# LLBA winter meeting



## carp_killer (Nov 24, 2006)

The LLBA winter meeting is going to be held at the St. Cloud Gander Mountain on Jan. 5th at noon in the Gander Lodge. Members please visit the association forum if you have any suggestions for the agenda. Hope we have a great turn out! Directions are available on Gander Mountain's website. if your not a member and would like to join we can take care of that at the meeting as well. hope to see a great turn out!

thought i might as well post this here as well


----------



## weasle414 (Dec 31, 2006)

How'd it go? I saw this earlier today and got excited, I thought the 5th was tomorow  It was like 10 to noon when I saw there was gonna be a meeting so it was a bit too late for me to go.


----------



## Duckslayer100 (Apr 7, 2004)

So any talk about tournaments closer to my kneck of the woods??? :wink:


----------



## carp_killer (Nov 24, 2006)

it went good we elected new officers and talked about the night fishing laws and have a few tournys planned already

Shoots:
Bowbenders: May 17, 2008 German, Jefferson Lakes chain
MSAA: June 07, 2008 TBA
Duluth: June 21, 2008 This date is not confirmed
LLBA State Shoot: Dates and location to be voted on are.
Red Wing Mississippi River May 24, 2008
Horseshoe  May 31, 2008
Night shoot: June 14, 2008 Big Stone


----------



## weasle414 (Dec 31, 2006)

Do you have to be an LLBA member to shoot at these tourneys?


----------



## carp_killer (Nov 24, 2006)

not sure on that. bowbenders i dont think you do since it isnt a llba shoot. come on over to the llba site ya can still use the guest part


----------



## mjoe (Jan 28, 2007)

I think for the llba shoots you need to have a member in the boat.

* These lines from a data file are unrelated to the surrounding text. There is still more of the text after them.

Lemma sin_abs_le (x : R) : Rabs (sin x) <= Rabs x.
Proof.
  pose proof (SIN_bound x). pose proof PI2_1.
  destruct (Rle_lt_dec 1 (Rabs x)) as [h|h].
  { apply Rle_trans with 1; auto. apply Rabs_le; lra. }
  destruct (Rtotal_order x 0) as [hx|[hx|hx]].
  - rewrite Rabs_left in h by lra.
    assert (sin (- x) < - x) by (apply sin_lt_x; lra).
    assert (0 < sin (- x)) by (apply sin_gt_0; lra).
    rewrite sin_neg in *. rewrite !Rabs_left; lra.
  - subst. rewrite sin_0. lra.
  - rewrite Rabs_right in h by lra.
    assert (sin x < x) by (apply sin_lt_x; lra).
    assert (0 < sin x) by (apply sin_gt_0; lra).
    rewrite !Rabs_right; lra.
Qed.

Lemma chord_le (t : R) : chord t <= Rabs t.
Proof.
  unfold chord. replace t with (2 * (t / 2)) at 1 by field.
  rewrite cos_2a_sin, <- sqrt_Rsqr_abs. apply sqrt_le_1_alt.
  assert (E : Rsqr (sin (t / 2)) <= Rsqr (t / 2)).
  { rewrite (Rsqr_abs (sin _)), (Rsqr_abs (t / 2)).
    apply Rsqr_incr_1; [apply sin_abs_le | apply Rabs_pos | apply Rabs_pos]. }
  unfold Rsqr in *. nra.
Qed.

Lemma chord_mono (a t : R) : 0 <= a <= Rabs t -> Rabs t <= PI -> chord a <= chord t.
Proof.
  intros Ha Ht. unfold chord. apply sqrt_le_1_alt.
  assert (Hcos : cos (Rabs t) = cos t)
    by (unfold Rabs; destruct Rcase_abs; [apply cos_neg | reflexivity]).
  assert (cos (Rabs t) <= cos a); [| lra].
  destruct (Req_dec a (Rabs t)) as [<-|hne]; [lra |].
  left. apply cos_decreasing_1; lra.
Qed.

Lemma chord_pos (t : R) : 0 < t <= PI -> 0 < chord t.
Proof.
  intros Ht. apply sqrt_lt_R0.
  assert (cos t < cos 0) by (apply cos_decreasing_1; lra).
  rewrite cos_0 in *. lra.
Qed.

Lemma near_is_rotation (z w : S1) :
  dS1 z w < 1 -> exists t, - (PI / 2) < t < PI / 2 /\ w = rot z t.
Proof.
  intros Hd. destruct z as [[a b] Hz], w as [[x y] Hw].
  unfold dS1 in Hd; cbn [fst snd proj1_sig] in *.
  set (C := a * x + b * y). set (S := a * y - b * x).
  assert (HCS : C ^ 2 + S ^ 2 = 1).
  { unfold C, S.
    replace ((a * x + b * y) ^ 2 + (a * y - b * x) ^ 2)
      with ((a ^ 2 + b ^ 2) * (x ^ 2 + y ^ 2)) by ring.
    rewrite Hz, Hw; ring. }
  replace ((a - x) ^ 2 + (b - y) ^ 2) with (2 - 2 * C) in Hd
    by (unfold C; nra).
  assert (HC : 1 / 2 < C).
  { rewrite <- sqrt_1 in Hd.
    destruct (Rle_lt_dec (2 - 2 * C) 0); [lra|].
    apply sqrt_lt_0_alt in Hd. lra. }
  assert (HS : -1 <= S <= 1) by nra.
  pose proof (asin_bound S) as Hb.
  assert (Hs : sin (asin S) = S) by (apply sin_asin; auto).
  assert (Hc : cos (asin S) = C).
  { rewrite cos_asin by auto. replace (1 - S²) with (C ^ 2) by (unfold Rsqr; lra).
    apply sqrt_pow2; lra. }
  exists (asin S). split.
  - split.
    + destruct (Req_dec (asin S) (- (PI / 2))) as [e|e]; [|lra].
      rewrite e, cos_neg, cos_PI2 in Hc. lra.
    + destruct (Req_dec (asin S) (PI / 2)) as [e|e]; [|lra].
      rewrite e, cos_PI2 in Hc. lra.
  - apply S1_eq. unfold rot; cbn [fst snd proj1_sig]. rewrite Hs, Hc.
    unfold C, S. f_equal.
    + replace (a * (a * x + b * y) - b * (a * y - b * x)) with ((a ^ 2 + b ^ 2) * x) by ring.
      rewrite Hz; ring.
    + replace (a * (a * y - b * x) + b * (a * x + b * y)) with ((a ^ 2 + b ^ 2) * y) by ring.
      rewrite Hz; ring.
Qed.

It's not that much money to join the llba for a year. The llba is expanding the opportunities to bowfish in mn, such as night shooting this summer. IF you go out at night you would not be doing that if it wasent for the llba. Support the club and bowfishing will continue to grow in mn.


----------



## carp_killer (Nov 24, 2006)

ya weasle ya should join


----------



## weasle414 (Dec 31, 2006)

I will. Don't worry, I'll be a member this year.


----------



## carp_killer (Nov 24, 2006)

:thumb:


----------